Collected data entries
===
(* Let $r\ge 1$ and $p_1,\dots,p_r\ge 1$, and let $(\mathbb{Z}_t)_{t\in\mathbb{Z}}$ be a tensor-valued time series with $\mathbb{Z}_t\in\mathbb{R}^{p_1\times\cdots\times p_r}$ (with finite fourth moments, so that all expectations below exist). Suppose the observed series is $$\mathbb{X}_t=\mathbb{Z}_t\odot_1\boldsymbol{\Omega}_1\odot_2\boldsymbol{\Omega}_2\cdots\odot_r\boldsymbol{\Omega}_r,\qquad t=0,\pm1,\pm2,\dots,$$ where each $\boldsymbol{\Omega}_m\in\mathbb{R}^{p_m\times p_m}$ is non-singular, and that for all $t$: $\mathrm{E}[\mathrm{vec}(\mathbb{Z}_t)]=\mathbf{0}$ and $\mathrm{Cov}[\mathrm{vec}(\mathbb{Z}_t)]=\mathbf{I}$. Let $\mathcal{T}$ be a fixed set of lags. Let $\mathbb{X}^{st}_t:=\mathbb{X}_t\odot_1(\boldsymbol{\Sigma}^1_0(\mathbb{X}_t))^{-1/2}\cdots\odot_r(\boldsymbol{\Sigma}^r_0(\mathbb{X}_t))^{-1/2}$ be the standardized series, and let $c>0$ and orthogonal matrices $\mathbf{U}_m\in\mathbb{R}^{p_m\times p_m}$, $m=1,\dots,r$, be such that $\mathbb{X}^{st}_t=c\,\mathbb{Z}_t\odot_1\mathbf{U}_1\cdots\odot_r\mathbf{U}_r$ for all $t$ (such $c$ and $\mathbf{U}_m$ exist under the stated assumptions). Assume additionally one of the following: (i) for all $m=1,\dots,r$ and $\tau\in\mathcal{T}$, the matrix $\boldsymbol{\Sigma}^m_\tau(\mathbb{Z}_t)$ is diagonal; (ii) for all $m=1,\dots,r$ and $\tau\in\mathcal{T}$, the matrix $\mathbf{B}^m_\tau(\mathbb{Z}_t)$ is diagonal; (iii) for all $m=1,\dots,r$, $i,j=1,\dots,p_m$ and $\tau\in\mathcal{T}$, the matrix $\mathbf{C}^m_{\tau ij}(\mathbb{Z}_t)$ is diagonal. Then for each fixed mode $m=1,\dots,r$, the matrix $\mathbf{U}_m^T$ diagonalizes (i.e. $\mathbf{U}_m^T\mathbf{M}\mathbf{U}_m$ is diagonal), respectively: in case (i) the matrices $\boldsymbol{\Sigma}^m_\tau(\mathbb{X}^{st}_t)$, $\tau\in\mathcal{T}$; in case (ii) the matrices $\mathbf{B}^m_\tau(\mathbb{X}^{st}_t)$, $\tau\in\mathcal{T}$; in case (iii) the matrices $\mathbf{C}^m_{\tau ij}(\mathbb{X}^{st}_t)$, $\tau\in\mathcal{T}$, $i,j=1,\dots,p_m$.
   Context: Tensor notation: for $\mathbb{X}\in\mathbb{R}^{p_1\times\cdots\times p_r}$, the $m$-mode vectors are obtained by fixing all indices except the $m$-th and letting the $m$-th vary; there are $\rho_m:=\prod_{i\ne m}p_i$ of them, each of length $p_m$. The $m$-flattening $\mathbf{X}^{(m)}\in\mathbb{R}^{p_m\times\rho_m}$ is the matrix obtained by stacking all $m$-mode vectors as columns in a fixed, consistent order. For $\mathbf{A}\in\mathbb{R}^{p_m\times p_m}$, $\mathbb{X}\odot_m\mathbf{A}$ is the tensor of the same size with entries $(\mathbb{X}\odot_m\mathbf{A})_{i_1\cdots i_r}=\sum_{j}x_{i_1\cdots i_{m-1}\,j\,i_{m+1}\cdots i_r}a_{i_m j}$, equivalently $(\mathbb{X}\odot_m\mathbf{A})^{(m)}=\mathbf{A}\mathbf{X}^{(m)}$; $\mathbb{X}\odot_1\mathbf{A}_1\cdots\odot_r\mathbf{A}_r$ means applying these successively. $\mathrm{vec}$ denotes vectorization. $\mathbf{e}_i$ is the $i$-th standard basis vector of $\mathbb{R}^{p_m}$, $\mathbf{E}^{ij}:=\mathbf{e}_i\mathbf{e}_j^T$, and $\mathbf{M}^{-1/2}$ denotes the unique symmetric positive definite inverse square root. For a tensor-valued series $\mathbb{X}_t$ with $m$-flattenings $\mathbf{X}^{(m)}_t$, define the $p_m\times p_m$ matrices $\boldsymbol{\Sigma}^m_\tau(\mathbb{X}_t):=\frac{1}{\rho_m}\mathrm{E}[\mathbf{X}^{(m)}_t(\mathbf{X}^{(m)}_{t+\tau})^T]$ (so $\boldsymbol{\Sigma}^m_0$ is the $m$-mode covariance matrix), $\mathbf{B}^m_\tau(\mathbb{X}_t):=\frac{1}{\rho_m}\mathrm{E}[\mathbf{X}^{(m)}_t(\mathbf{X}^{(m)}_{t+\tau})^T\mathbf{X}^{(m)}_{t+\tau}(\mathbf{X}^{(m)}_t)^T]$, for lags $\tau_1,\tau_2,\tau_3,\tau_4$ and $i,j=1,\dots,p_m$: $\mathbf{B}^m_{\tau_1\tau_2\tau_3\tau_4 ij}(\mathbb{X}_t):=\frac{1}{\rho_m}\mathrm{E}\big[(\mathbf{e}_i^T\mathbf{X}^{(m)}_{t+\tau_1}(\mathbf{X}^{(m)}_{t+\tau_2})^T\mathbf{e}_j)\cdot\mathbf{X}^{(m)}_{t+\tau_3}(\mathbf{X}^{(m)}_{t+\tau_4})^T\big]$, and $\mathbf{C}^m_{\tau ij}(\mathbb{X}_t):=\mathbf{B}^m_{0\tau\tau0ij}(\mathbb{X}_t)+\mathbf{B}^m_{0\tau0\tau ij}(\mathbb{X}_t)-\mathbf{B}^m_{\tau\tau00ij}(\mathbb{X}_t)-\boldsymbol{\Sigma}^m_0(\mathbb{X}_t)(\mathbf{E}^{ij}+\mathbf{E}^{ji}+\mathbf{I})\boldsymbol{\Sigma}^m_0(\mathbb{X}_t)^T$. *)

From HB Require Import structures.
From mathcomp Require Import all_boot all_order all_algebra.
From mathcomp Require Import all_classical all_reals all_analysis.
Set Implicit Arguments. Unset Strict Implicit. Unset Printing Implicit Defensive.
Import Order.TTheory GRing.Theory Num.Theory.
Local Open Scope ring_scope.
===
- _Exercise aim_:
All lines above between those holding "From HB Require Import structures." and "Set Implicit Arguments.", inclusive, must be set down unchanged, and no other line may be included.

- _Answer for the task_:
From HB Require Import structures.
From mathcomp Require Import all_boot all_order all_algebra.
From mathcomp Require Import all_classical all_reals all_analysis.
Set Implicit Arguments. Unset Strict Implicit. Unset Printing Implicit Defensive.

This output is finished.